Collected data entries

————

Lemma expR2_ge7 : 7 <= expR (2 : R).
Proof.
have -> : (2 : R) = 64%:R * 32^-1 by rewrite -[64%:R]/(64 : R); lra.
rewrite expRM_natl; have base : 33 / 32 <= expR (32^-1 : R).
  by have := expR_ge1Dx (32^-1 : R); lra.
apply: le_trans (lerXn2r 64 _ _ base); rewrite ?nnegrE ?divr_ge0 ?expR_ge0 //.
by rewrite expr_div_n ler_pdivlMr ?exprn_gt0 // -!natrX -natrM ler_nat; lia.
Qed.

Lemma order_poly_le_expR (q : nat) :
  (2 <= q)%N -> (q * q + q + 1)%:R <= expR (q%:R : R).
Proof.
elim: q => [//|q IHq]; rewrite leq_eqVlt => /orP[/eqP <- | q_ge2].
  exact: le_trans (expR2_ge7).
have e_ge2 : 2 <= expR (1 : R) by have := expR_ge1Dx (1 : R); lra.
rewrite -[in expR _]natr1 expRD (le_trans _ (ler_pM _ _ (IHq q_ge2) e_ge2)) //.
by rewrite -natrM ler_nat; nia.
Qed.

Lemma ln_le_of_le_order (v q : nat) : (2 <= q)%N -> (0 < v <= q * q + q + 1)%N ->
  ln (v%:R : R) <= q%:R.
Proof.
move=> q_ge2 /andP[v_gt0 le_v].
rewrite -[leRHS]expRK ler_ln ?posrE ?expR_gt0 ?ltr0n //.
by apply: le_trans; last exact: order_poly_le_expR q_ge2; rewrite ler_nat.
Qed.

(* (1 - m/n)^c <= exp(-cm/n) <= exp(-2 ln n) = 1/n^2 *)
Lemma mul_sq_expn_subn_le (n m c : nat) : (0 < n)%N -> (m <= n)%N ->
  2 * n%:R * ln n%:R <= c%:R * m%:R :> R -> (n * n * (n - m) ^ c <= n ^ c)%N.
Proof.
move=> n_gt0 le_mn le_c.
rewrite -(ler_nat R) !natrM !natrX natrB //.
set N := (n%:R : R); set t := m%:R / N.
have N_gt0 : 0 < N by rewrite ltr0n.
have -> : N - m%:R = N * (1 - t) by rewrite /t; field; rewrite gt_eqF.
have t_le1 : 0 <= 1 - t by rewrite subr_ge0 /t ler_pdivrMr // mul1r ler_nat.
have decay : (1 - t) ^+ c <= (N * N)^-1.
  have le_exp : 1 - t <= expR (- t) by have := expR_ge1Dx (- t); lra.
  apply: le_trans (lerXn2r c _ _ le_exp) _; rewrite ?nnegrE ?expR_ge0 //.
  rewrite -expRM_natl -[(N * N)^-1]lnK ?posrE ?invr_gt0 ?mulr_gt0 // ler_expR.
  rewrite lnV ?posrE ?mulr_gt0 // lnM ?posrE // mulrN lerN2 mulrA ler_pdivlMr //.
  by have : 2 * N * ln N <= c%:R * m%:R := le_c; lra.
rewrite exprMn mulrA (mulrC (N * N)) -mulrA ler_piMr ?exprn_ge0 ?(ltW N_gt0) //.
by rewrite -ler_pdivlMl ?mulr_gt0 // mulr1.
Qed.

End ExpBounds.

Lemma ceil_nat_between (R : archiRealFieldType) (r : R) (n : nat) : 0 <= r <= n%:R ->
  exists c : nat, [/\ Num.ceil r = c%:Z, r <= c%:R & (c <= n)%N].
Proof.
move=> /andP[r_ge0 r_le_n].
have [c def_c] : exists c : nat, Num.ceil r = c%:Z.
  by exists `|Num.ceil r|%N; rewrite gez0_abs // ceil_ge0 (lt_le_trans _ r_ge0) ?ltrN10.
exists c; split => //; first by have := ceil_ge r; rewrite def_c.
by rewrite -lez_nat -def_c ceil_le_int.
Qed.
(* Let $F$ be WORDER or WMAJORITY. During a run of (1+1) GP-single on MO-$F$, let $s$ be the number of leaves of the current tree and $k$ the number of expressed variables of the current tree. Then $F$ of the current tree never decreases and the quantity $s-k$ never increases from one iteration to the next. In particular, once the current tree is non-redundant, it stays non-redundant for the rest of the run.
   Context: Fix an integer $n\ge 1$ and real weights $w_1\ge w_2\ge\dots\ge w_n>0$. The terminal set is $T=\{x_1,\bar x_1,\dots,x_n,\bar x_n\}$ ($\bar x_i$ is the complement of $x_i$; $x_i$ is called positive). A syntax tree is either the empty tree or a rooted ordered binary tree whose inner nodes are all labelled by the binary function $J$ (join, exactly two ordered children) and whose leaves are labelled by elements of $T$. The complexity $C(X)$ is the number of nodes of $X$ (0 for the empty tree). The leaf list $l$ of $X$ is the sequence of leaf labels in an inorder traversal. WORDER: build a list $S$ by scanning $l$ from front to rear and appending a literal only if neither it nor its complement is already in $S$; WORDER$(X)=\sum_{i:\,x_i\in S} w_i$; here $x_i$ is expressed iff $x_i\in S$. WMAJORITY: WMAJORITY$(X)=\sum w_i$ over all $i$ such that $x_i$ occurs in $l$ at least once and at least as often as $\bar x_i$; these $x_i$ are the expressed variables. A tree is non-redundant if it is empty or if, with $k$ its number of expressed variables, its complexity is $2k-1$. MO-$F(X)=(F(X),C(X))$, $F$ maximized and $C$ minimized. Mutation (HVL-Prime applied $k$ times): each application chooses uniformly at random one of three operations. Substitute: replace a uniformly random leaf by a uniformly random $u\in T$. Insert: choose a uniformly random node $v$ and uniformly random $u\in T$, replace $v$ by a $J$-node with children $u$ and $v$ in uniformly random order (inserting into the empty tree yields the single leaf $u$). Delete: choose a uniformly random leaf $v$ with parent $p$ and sibling $u$, replace $p$ by $u$ (deleting $p$ and $v$; deleting the only leaf of a one-leaf tree yields the empty tree). Single-operation mutation uses $k=1$. (1+1) GP-single on MO-$F$: start with an initial tree $X$; in each iteration let $Y$ be $X$ mutated with $k=1$, and set $X:=Y$ iff $F(Y)>F(X)$, or $F(Y)=F(X)$ and $C(Y)\le C(X)$. *)

From HB Require Import structures.
From mathcomp Require Import all_boot all_order all_algebra.
Set Implicit Arguments. Unset Strict Implicit. Unset Printing Implicit Defensive.
Import Order.TTheory GRing.Theory Num.Theory.

(* Literals over variables 'I_n : (i, true) is x_i, (i, false) is its complement. *)
Definition lit (n : nat) := ('I_n * bool)%type.
Definition compl n (a : lit n) : lit n := (a.1, ~~ a.2).
Definition poslit n (i : 'I_n) : lit n := (i, true).
Definition neglit n (i : 'I_n) : lit n := (i, false).

(* Non-empty syntax trees: leaves labelled by terminals, inner nodes are J. *)
Inductive ntree (A : Type) :=
| Leaf of A
| Node of ntree A & ntree A.
Arguments Leaf {A}.
Arguments Node {A}.

Definition tree (n : nat) := option (ntree (lit n)).

Fixpoint nsize A (t : ntree A) : nat :=
  match t with Leaf _ => 1 | Node l r => (nsize l + nsize r).+1 end.
Fixpoint nleaves A (t : ntree A) : seq A :=
  match t with Leaf a => [:: a] | Node l r => nleaves l ++ nleaves r end.

Definition complexity n (X : tree n) : nat :=
  if X is Some t then nsize t else 0.
Definition leaves n (X : tree n) : seq (lit n) :=
  if X is Some t then nleaves t else [::].
Definition nb_leaves n (X : tree n) : nat := size (leaves X).

Fixpoint worder_scan n (S l : seq (lit n)) : seq (lit n) :=
  match l with
  | [::] => S
  | a :: l' => if (a \in S) || (compl a \in S) then worder_scan S l'
               else worder_scan (rcons S a) l'
  end.

Inductive fitness_kind := WORDER | WMAJORITY.

Definition expressed n (F : fitness_kind) (X : tree n) (i : 'I_n) : bool :=
  match F with
  | WORDER => poslit i \in worder_scan [::] (leaves X)
  | WMAJORITY => (0 < count_mem (poslit i) (leaves X)) &&
                 (count_mem (neglit i) (leaves X) <= count_mem (poslit i) (leaves X))
  end.

Definition fitness (R : realFieldType) n (w : 'I_n -> R) (F : fitness_kind)
  (X : tree n) : R := \sum_(i < n | expressed F X i) w i.

Definition nb_expressed n (F : fitness_kind) (X : tree n) : nat :=
  #|[pred i | expressed F X i]|.

Definition non_redundant n (F : fitness_kind) (X : tree n) : Prop :=
  X = None \/ complexity X = 2 * nb_expressed F X - 1.

(* One application of HVL-Prime: all possible outcomes. *)
Inductive nsubst A : ntree A -> ntree A -> Prop :=
| sub_leaf a u : nsubst (Leaf a) (Leaf u)
| sub_l l l' r : nsubst l l' -> nsubst (Node l r) (Node l' r)
| sub_r l r r' : nsubst r r' -> nsubst (Node l r) (Node l r').

Inductive ninsert A : ntree A -> ntree A -> Prop :=
| ins_here_l u v : ninsert v (Node (Leaf u) v)
| ins_here_r u v : ninsert v (Node v (Leaf u))
| ins_l l l' r : ninsert l l' -> ninsert (Node l r) (Node l' r)
| ins_r l r r' : ninsert r r' -> ninsert (Node l r) (Node l r').

Inductive ndelete A : ntree A -> ntree A -> Prop :=
| del_here_l a u : ndelete (Node (Leaf a) u) u
| del_here_r a u : ndelete (Node u (Leaf a)) u
| del_l l l' r : ndelete l l' -> ndelete (Node l r) (Node l' r)
| del_r l r r' : ndelete r r' -> ndelete (Node l r) (Node l r').

Inductive mutation1 n : tree n -> tree n -> Prop :=
| mut_subst t t' : nsubst t t' -> mutation1 (Some t) (Some t')
| mut_subst_empty : mutation1 None None
| mut_insert t t' : ninsert t t' -> mutation1 (Some t) (Some t')
| mut_insert_empty u : mutation1 None (Some (Leaf u))
| mut_delete t t' : ndelete t t' -> mutation1 (Some t) (Some t')
| mut_delete_single a : mutation1 (Some (Leaf a)) None
| mut_delete_empty : mutation1 None None.

Definition accept (R : realFieldType) n (w : 'I_n -> R) F (X Y : tree n) : bool :=
  ((fitness w F X < fitness w F Y)%R) ||
  ((fitness w F Y == fitness w F X) && (complexity Y <= complexity X)%N).

Definition gp_step (R : realFieldType) n (w : 'I_n -> R) F (X X' : tree n) : Prop :=
  exists Y, mutation1 X Y /\ X' = (if accept w F X Y then Y else X).

From HB Require Import structures.
From mathcomp Require Import all_boot all_order all_algebra.
From mathcomp Require Import zify lra.
Import Order.TTheory GRing.Theory Num.Theory.
Set Implicit Arguments. Unset Strict Implicit.

(* Both fitness functions are LOCAL: whether x_i is expressed
   only depends on the literals of variable i in the leaf list, so adding or
   removing a leaf labelled by a literal of variable j changes the
   expressedness of j alone.  A single HVL-Prime operation edits the leaf
   list at one position (substitute), adds one leaf (insert) or removes one
   (delete).  Hence the set of expressed variables changes at most at one
   variable (insert, delete) or two (substitute), and, the weights being
   positive, an accepted offspring can only lose an expressed variable if it
   also loses a leaf:
   - substitute: the leaf count is unchanged and F does not decrease, so the
     number k of expressed variables does not decrease;
   - insert: the complexity grows, so F must grow strictly, forcing k + 1;
   - delete: one leaf is lost and k drops by at most one.
   So s - k never increases.  Finally, since C = 2s - 1 and k <= s, a tree
   is non-redundant iff s <= k, a property preserved by the step invariant. *)

Definition expressedL n (F : fitness_kind) (l : seq (lit n)) (i : 'I_n) : bool :=
  match F with
  | WORDER => poslit i \in worder_scan [::] l
  | WMAJORITY => (0 < count_mem (poslit i) l) &&
                 (count_mem (neglit i) l <= count_mem (poslit i) l)
  end.

Lemma fitness_leaves (R : realFieldType) n (w : 'I_n -> R) F (X : tree n) :
  fitness w F X = (\sum_(i | expressedL F (leaves X) i) w i)%R.
Proof. by []. Qed.

Lemma nb_expressed_leaves n F (X : tree n) :
  nb_expressed F X = #|[pred i | expressedL F (leaves X) i]|.
Proof. by []. Qed.

Lemma mem_or_compl n (a : lit n) S :
  (a \in S) || (compl a \in S) = has (fun x => x.1 == a.1) S.
Proof.
elim: S => //= x S IH; rewrite !inE -IH.
have -> : (x.1 == a.1) = (a == x) || (compl a == x).
  case: a x {IH} => [i b] [j c]; rewrite /compl /= !xpair_eqE eq_sym.
  by case: b; case: c; rewrite ?andbT ?andbF ?orbF.
by rewrite orbACA.
Qed.

Lemma worder_scanP n (i : 'I_n) l S : (poslit i \in worder_scan S l) =
  (poslit i \in S) || (~~ has (fun x => x.1 == i) S &&
     (ohead [seq a <- l | a.1 == i] == Some (poslit i))).
Proof.
elim: l S => [|a l IH] S /=; first by rewrite andbF orbF.
rewrite mem_or_compl; case: ifP => Ha; rewrite IH.
  by case: (eqVneq a.1 i) => [ai|//]; rewrite -ai Ha.
rewrite mem_rcons inE has_rcons.
case: (eqVneq a.1 i) => [ai|ai]; last first.
  have -> // : (poslit i == a) = false.
  by apply: contraNF ai => /eqP <-.
have iS : poslit i \in S = false.
  by apply: contraFF Ha => iS; apply/hasP; exists (poslit i); rewrite // ai.
by subst i; rewrite iS Ha /= !orbF eq_sym.
Qed.

Lemma expressedL_insert_other n F l1 l2 (u : lit n) i : i != u.1 ->
  expressedL F (l1 ++ u :: l2) i = expressedL F (l1 ++ l2) i.
Proof.
rewrite eq_sym => ui; case: F => /=.
  by rewrite !worder_scanP /= !filter_cat /= (negbTE ui).
have upos : (u == poslit i) = false by apply: contraNF ui => /eqP ->.
have uneg : (u == neglit i) = false by apply: contraNF ui => /eqP ->.
by rewrite !count_cat /= upos uneg.
Qed.

Lemma expressedL_mem n F (l : seq (lit n)) i : expressedL F l i -> poslit i \in l.
Proof.
case: F => /=; last by case/andP => pos _; rewrite -has_pred1 has_count.
rewrite worder_scanP /= => /eqP first_i.
have : poslit i \in [seq a <- l | a.1 == i].
  by move: first_i; case: [seq a <- l | a.1 == i] => //= x s [->]; rewrite mem_head.
by rewrite mem_filter => /andP [].
Qed.

Lemma card_expressedL_le n F (l : seq (lit n)) :
  (#|[pred i | expressedL F l i]| <= size l)%N.
Proof.
rewrite -(@card_image _ _ (@poslit n)); last by move=> i j [].
apply: leq_trans (card_size l); apply: subset_leq_card.
by apply/subsetP => x /imageP [i Ei ->]; apply: (@expressedL_mem _ F).
Qed.

Lemma card_update (T : finType) (P P' : pred T) a :
  (forall i, i != a -> P i = P' i) ->
  (#|[pred i | P' i]| + P a = #|[pred i | P i]| + P' a)%N.
Proof.
move=> PP'; rewrite (cardD1 a) [in RHS](cardD1 a) !inE.
have -> : #|[predD1 [pred i | P' i] & a]| = #|[predD1 [pred i | P i] & a]|.
  by apply: eq_card => i; rewrite !inE; case: eqVneq => //= /PP' ->.
by rewrite addnC addnA addnAC.
Qed.

Lemma card_update_ge (T : finType) (P P' : pred T) a :
  (forall i, i != a -> P i = P' i) ->
  (#|[pred i | P i]| <= #|[pred i | P' i]|.+1)%N.
Proof.
by move/card_update; case: (P a); case: (P' a) => /=; lia.
Qed.

Section Weights.
Variables (T : finType) (R : realFieldType) (w : T -> R).
Lemma mem_codom_col_mx_rows (r : 'I_(n + m)) :
  (forall j, r = rshift n j -> j \in codom s) -> r \in codom (col_mx_rows n s).
Proof.
case: (split_ordP r) => [i -> _ | j -> /(_ j erefl) /codomP[j' ->]]; apply/codomP.
  by exists (lshift h i); rewrite col_mx_rows_lshift.
by exists (rshift n j'); rewrite col_mx_rows_rshift.
Qed.

End ColMxRows.

Lemma cycle_copy_uses_lower_rows n m k (F : 'M[bool]_(m, n))
    (f : 'I_k -> 'I_(n + m)) (g : 'I_k -> 'I_n) :
  1 < k -> k < n -> injective f -> injective g ->
  (forall i j, col_mx (Cmat n) F (f i) (g j) = Cmat k i j) ->
  exists j, rshift n j \in codom f.
Proof.
move=> k_gt1 k_lt_n f_inj g_inj fgE.
suff /existsP[j fj] : [exists j, rshift n j \in codom f] by exists j.
apply: contraT => /existsPn no_lower; exfalso; apply: (Cmat_no_sub_Cmat k_gt1 k_lt_n).
have f_upper x : f x \in codom (@lshift n m).
  case: (split_ordP (f x)) => [i -> | j fx]; first exact: codom_f.
  by have := no_lower j; rewrite -fx codom_f.
have [f' f'_inj f'E] := factor_through_codom f_inj f_upper.
by exists f', g; do 2!split=> //; move=> i j; rewrite -fgE -f'E col_mxEu.
Qed.

Theorem lemma4 (n m : nat) (F : 'M[bool]_(m, n)) (k : nat) :
  linear_mx (col_mx (Cmat n) F) ->
  is_g (col_mx (Cmat n) F) k ->
  k < n ->
  exists h : nat, 0 < h /\
    exists s : 'I_h -> 'I_m, injective s /\
      contains_up_congr (col_mx (Cmat n) (rowsub s F)) (Cmat k).
Proof.
move=> A_lin [k_odd k_ge3 [f [g [f_inj [g_inj fgE]]]] k_min] k_lt_n.
have k_gt1 : 1 < k by apply: ltnW.
pose J := [set j | rshift n j \in codom f].
have J_gt0 : 0 < #|J|.
  have [j fj] := cycle_copy_uses_lower_rows k_gt1 k_lt_n f_inj g_inj fgE.
  by apply/card_gt0P; exists j; rewrite inE.
exists #|J|; split=> //; exists enum_val; split; first exact: enum_val_inj.
rewrite col_mx_rowsub; set phi := col_mx_rows n _.
have phi_inj : injective phi by apply/col_mx_rows_inj/enum_val_inj.
have f_phi x : f x \in codom phi.
  apply: mem_codom_col_mx_rows => j fx; have j_J : j \in J by rewrite inE -fx codom_f.
  by rewrite -(enum_rankK_in j_J j_J) codom_f.
have [f' f'_inj f'E] := factor_through_codom f_inj f_phi.
have f'gE i j : rowsub phi (col_mx (Cmat n) F) (f' i) (g j) = Cmat k i j.
  by rewrite mxE f'E fgE.
exists (g @: setT), f', g; split=> //; symmetry; apply: up_rows_cycle => //.
- exact: linear_rowsub.
- by move=> k' k'_odd k'_ge3 k'_lt /(has_congr_sub_rowsub phi_inj); apply: k_min.
- move=> r r_out; case: (split_ordP r) => [i r_i | j r_j]; last first.
    have := enum_valP j; rewrite inE => /codomP[x fx].
    have : phi r = phi (f' x) by rewrite f'E -fx r_j /phi col_mx_rows_rshift.
    by move/phi_inj => r_f'; rewrite r_f' codom_f in r_out.
  apply: leq_trans (card_Cmat_row_preim i g_inj); apply: subset_leq_card.
  by apply/subsetP => y; rewrite !inE mxE r_i /phi col_mx_rows_lshift col_mxEu.
Qed.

————

Each line of the records, from the opening one through the line holding "move=> q_ge2 /andP[v_gt0 le_v].", should be restated word for word, with nothing else in the answer.

Lemma expR2_ge7 : 7 <= expR (2 : R).
Proof.
have -> : (2 : R) = 64%:R * 32^-1 by rewrite -[64%:R]/(64 : R); lra.
rewrite expRM_natl; have base : 33 / 32 <= expR (32^-1 : R).
  by have := expR_ge1Dx (32^-1 : R); lra.
apply: le_trans (lerXn2r 64 _ _ base); rewrite ?nnegrE ?divr_ge0 ?expR_ge0 //.
by rewrite expr_div_n ler_pdivlMr ?exprn_gt0 // -!natrX -natrM ler_nat; lia.
Qed.

Lemma order_poly_le_expR (q : nat) :
  (2 <= q)%N -> (q * q + q + 1)%:R <= expR (q%:R : R).
Proof.
elim: q => [//|q IHq]; rewrite leq_eqVlt => /orP[/eqP <- | q_ge2].
  exact: le_trans (expR2_ge7).
have e_ge2 : 2 <= expR (1 : R) by have := expR_ge1Dx (1 : R); lra.
rewrite -[in expR _]natr1 expRD (le_trans _ (ler_pM _ _ (IHq q_ge2) e_ge2)) //.
by rewrite -natrM ler_nat; nia.
Qed.

Lemma ln_le_of_le_order (v q : nat) : (2 <= q)%N -> (0 < v <= q * q + q + 1)%N ->
  ln (v%:R : R) <= q%:R.
Proof.
move=> q_ge2 /andP[v_gt0 le_v].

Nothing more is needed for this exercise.